[Start of section]

(* Let $E$ be a normed space over $\mathbb{K}\in\{\mathbb{R},\mathbb{C}\}$, let $n\in\{1,2\}$, and let $P:E\to\mathbb{K}$ be an $n$-homogeneous polynomial (not assumed continuous). Then $P$ is continuous if and only if $P(C)$ is connected for every connected set $C\subset E$.
   Context: A map $P:E\to\mathbb{K}$ is an $n$-homogeneous polynomial if there is a symmetric $n$-linear mapping $L:E^n\to\mathbb{K}$ (not necessarily continuous) with $P(x)=L(x,\ldots,x)$ for all $x\in E$. *)

From mathcomp Require Import all_boot all_order all_algebra all_fingroup.
From mathcomp Require Import all_classical all_reals all_analysis.
From mathcomp Require Export complex.
Set Implicit Arguments. Unset Strict Implicit. Unset Printing Implicit Defensive.
Import GRing.Theory Num.Theory.
Local Open Scope ring_scope.

Definition upd (E : Type) (n : nat) (x : 'I_n -> E) (i : 'I_n) (u : E) : 'I_n -> E :=
  fun j => if j == i then u else x j.

Definition multilinear (K : pzRingType) (E : lmodType K) (n : nat)
  (L : ('I_n -> E) -> K) : Prop :=
  forall (i : 'I_n) (x : 'I_n -> E) (a : K) (u v : E),
    L (upd x i (a *: u + v)) = a * L (upd x i u) + L (upd x i v).

Definition symmetric_form (E K : Type) (n : nat) (L : ('I_n -> E) -> K) : Prop :=
  forall (s : 'S_n) (x : 'I_n -> E), L (fun j => x (s j)) = L x.

Definition homogeneous_polynomial (K : pzRingType) (E : lmodType K) (n : nat)
  (P : E -> K) : Prop :=
  exists L : ('I_n -> E) -> K,
    [/\ multilinear L, symmetric_form L & forall x : E, P x = L (fun _ => x)].

From HB Require Import structures.
From mathcomp Require Import all_boot all_order all_algebra all_fingroup.
From mathcomp Require Import all_classical all_reals all_analysis.
From mathcomp Require Import complex.
From mathcomp Require Import ring lra.
Set Implicit Arguments.
Unset Strict Implicit.
Unset Printing Implicit Defensive.

Import Order.TTheory GRing.Theory Num.Theory.
Import numFieldNormedType.Exports.
Local Open Scope classical_set_scope.
Local Open Scope ring_scope.

(* A linear or quadratic form that is bounded on the unit ball is continuous,
   so a discontinuous P takes arbitrarily large values there.  Rotating the
   point by a unit (|v|/v for linear forms, a square root of |v|/v for complex
   quadratic ones; real quadratic ones may need P replaced by -P) and rescaling,
   P takes values >= 2 at points y arbitrarily close to 0.  Fix one such point z.
   On the segment from z to y the value of P stays of modulus >= 1, provided,
   in the quadratic case, y is replaced by -y when the cross term B(y, z) has
   negative real part.  The union C of these segments is connected and has 0 in
   its closure, so C + {0} is connected, while its image is {0} together with
   values of modulus >= 1. *)

Lemma connected_image_of_continuous (T U : topologicalType) (f : T -> U) :
  continuous f -> forall C : set T, connected C -> connected (f @` C).
Proof.
by move=> fc C cC; apply: connected_continuous_connected => //; exact: continuous_subspaceT.
Qed.

Lemma connected_subset_closure (T : topologicalType) (A B : set T) :
  connected A -> A `<=` B -> B `<=` closure A -> connected B.
Proof.
move=> cA AB BclA; apply/connectedP => E [E0 BE [sE01 sE10]].
have AE : A `<=` E false `|` E true by rewrite -BE.
have [b AEb] : exists b, A `<=` E b.
  by case: (connected_subset (conj sE01 sE10) AE cA); [exists false|exists true].
have [x Ex] := E0 (~~ b).
have EclE : closure (E b) x.
  apply: (closureS AEb); apply: BclA; rewrite BE.
  by case: b {AEb} Ex => ?; [left|right].
case: b {AEb} Ex EclE => Ex EclE.
- by move: sE10; apply/eqP/set0P; exists x.
- by move: sE01; apply/eqP/set0P; exists x.
Qed.

Lemma not_connected_zero_far (K : numFieldType) (S : set K^o) :
  S 0 -> (exists2 v, S v & v != 0) -> (forall v, S v -> v != 0 -> 1 <= `|v|) ->
  ~ connected S.
Proof.
move=> S0 [v Sv v0] Sfar; apply/connectedPn.
exists (fun b => if b then S `\` [set 0] else [set 0]); split.
- by case; [exists v; split => // /eqP; rewrite (negbTE v0)|exists 0].
- apply/seteqP; split => x /=; last by case=> [->|[]].
  by have [->|x0] := eqVneq x 0; [left|right; split => // /eqP; rewrite (negbTE x0)].
have Snear0 x : S x -> x != 0 -> ~ `|x| < 1.
  by move=> Sx x0 x1; have := le_lt_trans (Sfar x Sx x0) x1; rewrite ltxx.
split; apply/seteqP; split => // x.
- move=> [clx [Sx /eqP x0]]; apply: (Snear0 x Sx x0).
  have [_ [/= -> ]] := clx _ (nbhsx_ballx x 1 ltr01).
  by rewrite -ball_normE /= subr0.
- move=> [/= -> cl0]; have [y [[Sy /eqP y0]]] := cl0 _ (nbhsx_ballx 0 1 ltr01).
  by rewrite -ball_normE /= sub0r normrN; exact: Snear0.
Qed.

Section HomogeneousPolynomials.
Variables (K : nzRingType) (E : lmodType K).

Lemma homogeneous_polynomial1_linear (P : E -> K^o) :
  homogeneous_polynomial 1 P -> exists f : {linear E -> K^o}, P = f.
Proof.
move=> [L [Llin _ PL]].
have Plin : linear P.
  move=> a u v; rewrite !PL.
  have diag1 (w : E) : (fun _ : 'I_1 => w) = upd (fun _ => 0) ord0 w.
    by apply: funext => j; rewrite /upd (ord1 j) eqxx.
  by rewrite (diag1 (a *: u + v)) (diag1 u) (diag1 v) Llin.
pose f : {linear E -> K^o} := HB.pack P (GRing.isLinear.Build K E K^o *:%R P Plin).
by exists f.
Qed.

Lemma homogeneous_polynomial2_symmetric (P : E -> K) :
  homogeneous_polynomial 2 P -> exists B : {symmetric E}, forall x, P x = B x x.
Proof.
move=> [L [Llin Lsym PL]].
pose B (x y : E) := L (fun j : 'I_2 => if j == ord0 then x else y).
have BC x y : B x y = B y x.
  rewrite /B -(Lsym (tperm ord0 ord_max)); congr L; apply: funext => j.
  by case: j => [[|[|//]]] /= lt; rewrite !permE.
have Blin : bilinear_for *%R (idfun \; *%R) B.
  have Bl w : linear_for *%R (B^~ w).
    move=> a u v; rewrite /B.
    have upd0 (t : E) : (fun j : 'I_2 => if j == ord0 then t else w) =
        upd (fun j : 'I_2 => if j == ord0 then 0 else w) ord0 t.
      by apply: funext => j; rewrite /upd; case: ifP.
    by rewrite (upd0 (a *: u + v)) (upd0 u) (upd0 v) Llin.
  by split=> // w a u v /=; rewrite !(BC w) Bl.
have Bherm x y : B x y = (-1) ^+ false * idfun (B y x) by rewrite mul1r BC.
pose sB : {symmetric E} := HB.pack B
  (bilinear_isBilinear.Build K E E K *%R (idfun \; *%R) B Blin)
  (isHermitianSesquilinear.Build K E false idfun B Bherm).
exists sB.
by move=> x; rewrite PL; congr L; apply: funext => j; case: ifP.
Qed.

End HomogeneousPolynomials.

Section SymmetricForms.
Variables (K : comNzRingType) (E : lmodType K) (B : {symmetric E}).

Lemma symmetric_formC u v : B u v = B v u.
Proof. by rewrite hermC /= mul1r. Qed.

Lemma symmetric_form_diagZ a u : B (a *: u) (a *: u) = a ^+ 2 * B u u.
Proof. by rewrite linearZl_LR linearZr_LR /= mulrA -expr2. Qed.

Lemma symmetric_form_combination a b u v :
  B (a *: u + b *: v) (a *: u + b *: v) =
  a ^+ 2 * B u u + 2 * (a * b) * B u v + b ^+ 2 * B v v.
Proof.
rewrite linearDl !linearDr !linearZl_LR !linearZr_LR /= (symmetric_formC v u).
ring.
Qed.

Lemma symmetric_form_polarization u v :
  B (u + v) (u + v) - B (u - v) (u - v) = 4 * B u v.
Proof. rewrite linearDl linearBl !linearDr !linearNr /= (symmetric_formC v u); ring. Qed.

Lemma symmetric_form_diag_sub x y : B x x - B y y = B (x - y) (x + y).
Proof. rewrite linearBl !linearDr /= (symmetric_formC y x); ring. Qed.

End SymmetricForms.

Section BoundedForms.
Variables (K : numFieldType) (E : normedModType K).

Lemma continuous_linear_of_ball_bounded (f : {linear E -> K^o}) (M : K) :
  (forall x, `|x| <= 1 -> `|f x| <= M) -> continuous f.
Proof.
move=> fM; apply: bounded_linear_continuous; apply/ex_bound; exists M.
apply/nbhs_normP; exists 1 => //= x.
by rewrite /ball_ /= sub0r normrN => /ltW; exact: fM.
Qed.

Lemma continuous_of_dist_le (W : normedModType K) (f : E -> W) (C : E -> K) :
  (forall x, 0 <= C x) ->
  (forall x y, `|x - y| <= 1 -> `|f x - f y| <= C x * `|x - y|) -> continuous f.
Proof.
move=> C0 fC x; apply/cvgrPdist_lt => e e0.
have C1 : 0 < C x + 1 by apply: ltr_wpDl.
near=> y.
have xy1 : `|x - y| < 1 by near: y; exact: cvgr_dist_lt.
have xye : `|x - y| < e / (C x + 1) by near: y; apply: cvgr_dist_lt => //; exact: divr_gt0.
apply: le_lt_trans (fC x y (ltW xy1)) _.
apply: (@le_lt_trans _ _ ((C x + 1) * `|x - y|)).
  by rewrite ler_wpM2r // lerDl.
by rewrite -ltr_pdivlMl // mulrC.
Unshelve. all: by end_near.
Qed.

Lemma symmetric_form_norm_le (B : {symmetric E}) (M : K) :
  (forall x, `|x| <= 1 -> `|B x x| <= M) ->
  forall u v, `|B u v| <= 2 * M * `|u| * `|v|.
Proof.
move=> BM u v.
have [->|u0] := eqVneq u 0; first by rewrite linear0l !normr0 mulr0 mul0r.
have [->|v0] := eqVneq v 0; first by rewrite linear0r !normr0 mulr0.
pose half (w : E) : E := (2 * `|w|)^-1 *: w.
have halfK w : w != 0 -> (2 * `|w|) *: half w = w.
  by move=> w0; rewrite scalerA divff ?scale1r // mulf_neq0 ?pnatr_eq0 ?normr_eq0.
have norm_half w : w != 0 -> `|half w| = 2^-1.
  move=> w0; rewrite normrZ normfV normrM normr_id ger0_norm ?ler0n //.
  by rewrite invfM -mulrA mulVf ?normr_eq0 // mulr1.
have unit_sum : `|half u + half v| <= 1 /\ `|half u - half v| <= 1.
  rewrite [1](splitr 1) mul1r; split.
    by apply: le_trans (ler_normD _ _) _; rewrite norm_half ?norm_half.
  by apply: le_trans (ler_normB _ _) _; rewrite norm_half ?norm_half.
have half_le : `|4 * B (half u) (half v)| <= 2 * M.
  rewrite -symmetric_form_polarization mulr2n mulrDl mul1r.
  by apply: le_trans (ler_normB _ _) _; rewrite lerD // BM //; case: unit_sum.
have -> : B u v = 4 * B (half u) (half v) * (`|u| * `|v|).
  rewrite -{1}(halfK u u0) -{1}(halfK v v0) linearZl_LR linearZr_LR /=; ring.
rewrite normrM (normrM `|u|) !normr_id -[2 * M * _ * _]mulrA.
by rewrite ler_wpM2r ?mulr_ge0.
Qed.

Lemma continuous_symmetric_form_of_ball_bounded (B : {symmetric E}) (M : K) :
  (forall x, `|x| <= 1 -> `|B x x| <= M) -> continuous (fun x => B x x).
Proof.
move=> BM; have M0 : 0 <= M by apply: le_trans (BM 0 _); rewrite ?normr0.
apply: (@continuous_of_dist_le _ _ (fun x => 2 * M * (2 * `|x| + 1))).
  by move=> x; rewrite !mulr_ge0 ?addr_ge0.
move=> x y xy1; rewrite symmetric_form_diag_sub.
apply: (le_trans (symmetric_form_norm_le BM (x - y) (x + y))).
rewrite -mulrA [X in _ <= X]mulrAC -[X in _ <= X]mulrA.
rewrite ler_wpM2l ?mulr_ge0 // ler_wpM2l //.
have y_le : `|y| <= `|x| + 1.
  have := ler_normD x (y - x); rewrite addrC subrK distrC => /le_trans; apply.
  by rewrite lerD2l.
apply: le_trans (ler_normD _ _) _.
by rewrite mulrDl mul1r -addrA lerD2l.
Qed.

End BoundedForms.

Section LargeValues.
Variables (K : numFieldType) (E : normedModType K).

Lemma ball_unbounded_of_not_continuous (h : E -> K^o) :
  (forall M, (forall x, `|x| <= 1 -> `|h x| <= M) -> continuous h) ->
  ~ continuous h -> forall M, 0 < M -> exists2 x, `|x| <= 1 & M < `|h x|.
Proof.
move=> hbounded hNc M M0; apply: contrapT => hM; apply/hNc/(hbounded M) => x x1.
rewrite real_leNgt ?normr_real ?gtr0_real //; apply/negP => Mhx.
by apply: hM; exists x.
Qed.

Lemma ball_unbounded_above_of_phase (n : nat) (h : E -> K^o) :
  (forall t x, h (t *: x) = t ^+ n * h x) ->
  (forall v : K, v != 0 -> exists2 l : K, `|l| = 1 & l ^+ n * v = `|v|) ->
  (forall M, 0 < M -> exists2 x, `|x| <= 1 & M < `|h x|) ->
  forall M, 0 < M -> exists2 x, `|x| <= 1 & M <= h x.
Proof.
move=> hZ rot hunb M M0; have [x x1 Mhx] := hunb M M0.
have [|l l1 lhx] := rot (h x); first by rewrite -normr_gt0 (lt_trans M0).
by exists (l *: x); rewrite ?normrZ ?l1 ?mul1r // hZ lhx ltW.
Qed.

Lemma large_values_near0 (n : nat) (h : E -> K^o) :
  (forall t x, h (t *: x) = t ^+ n * h x) ->
  (forall M, 0 < M -> exists2 x, `|x| <= 1 & M <= h x) ->
  forall e, 0 < e -> exists2 y, `|y| < e & 2 <= h y.
Proof.
move=> hZ hunb e e0; have e2 : 0 < e / 2 by rewrite divr_gt0.
have M0 : 0 < 2 / (e / 2) ^+ n by rewrite divr_gt0 ?exprn_gt0.
have [x x1 Mhx] := hunb _ M0; exists ((e / 2) *: x).
  rewrite normrZ gtr0_norm //; apply: le_lt_trans (_ : e / 2 < e).
    by rewrite ler_piMr ?(ltW e2).
  by rewrite ltr_pdivrMr // ltr_pMr // ltr1n.
rewrite hZ -(@ler_pdivrMl _ ((e / 2) ^+ n)) ?exprn_gt0 //.
by rewrite mulrC.
Qed.

Lemma unit_phase1 (v : K) : v != 0 -> exists2 l : K, `|l| = 1 & l ^+ 1 * v = `|v|.
Proof.
move=> v0; exists (`|v| / v); last by rewrite expr1 divfK.
by rewrite normrM normfV normr_id divff ?normr_eq0.
Qed.

End LargeValues.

[End of section]

§ **WORK ITEM**
All lines with the word "eqVneq" should be copied from the material above.

§ **TASK OUTPUT**
  by have [->|x0] := eqVneq x 0; [left|right; split => // /eqP; rewrite (negbTE x0)].
have [->|u0] := eqVneq u 0; first by rewrite linear0l !normr0 mulr0 mul0r.
have [->|v0] := eqVneq v 0; first by rewrite linear0r !normr0 mulr0.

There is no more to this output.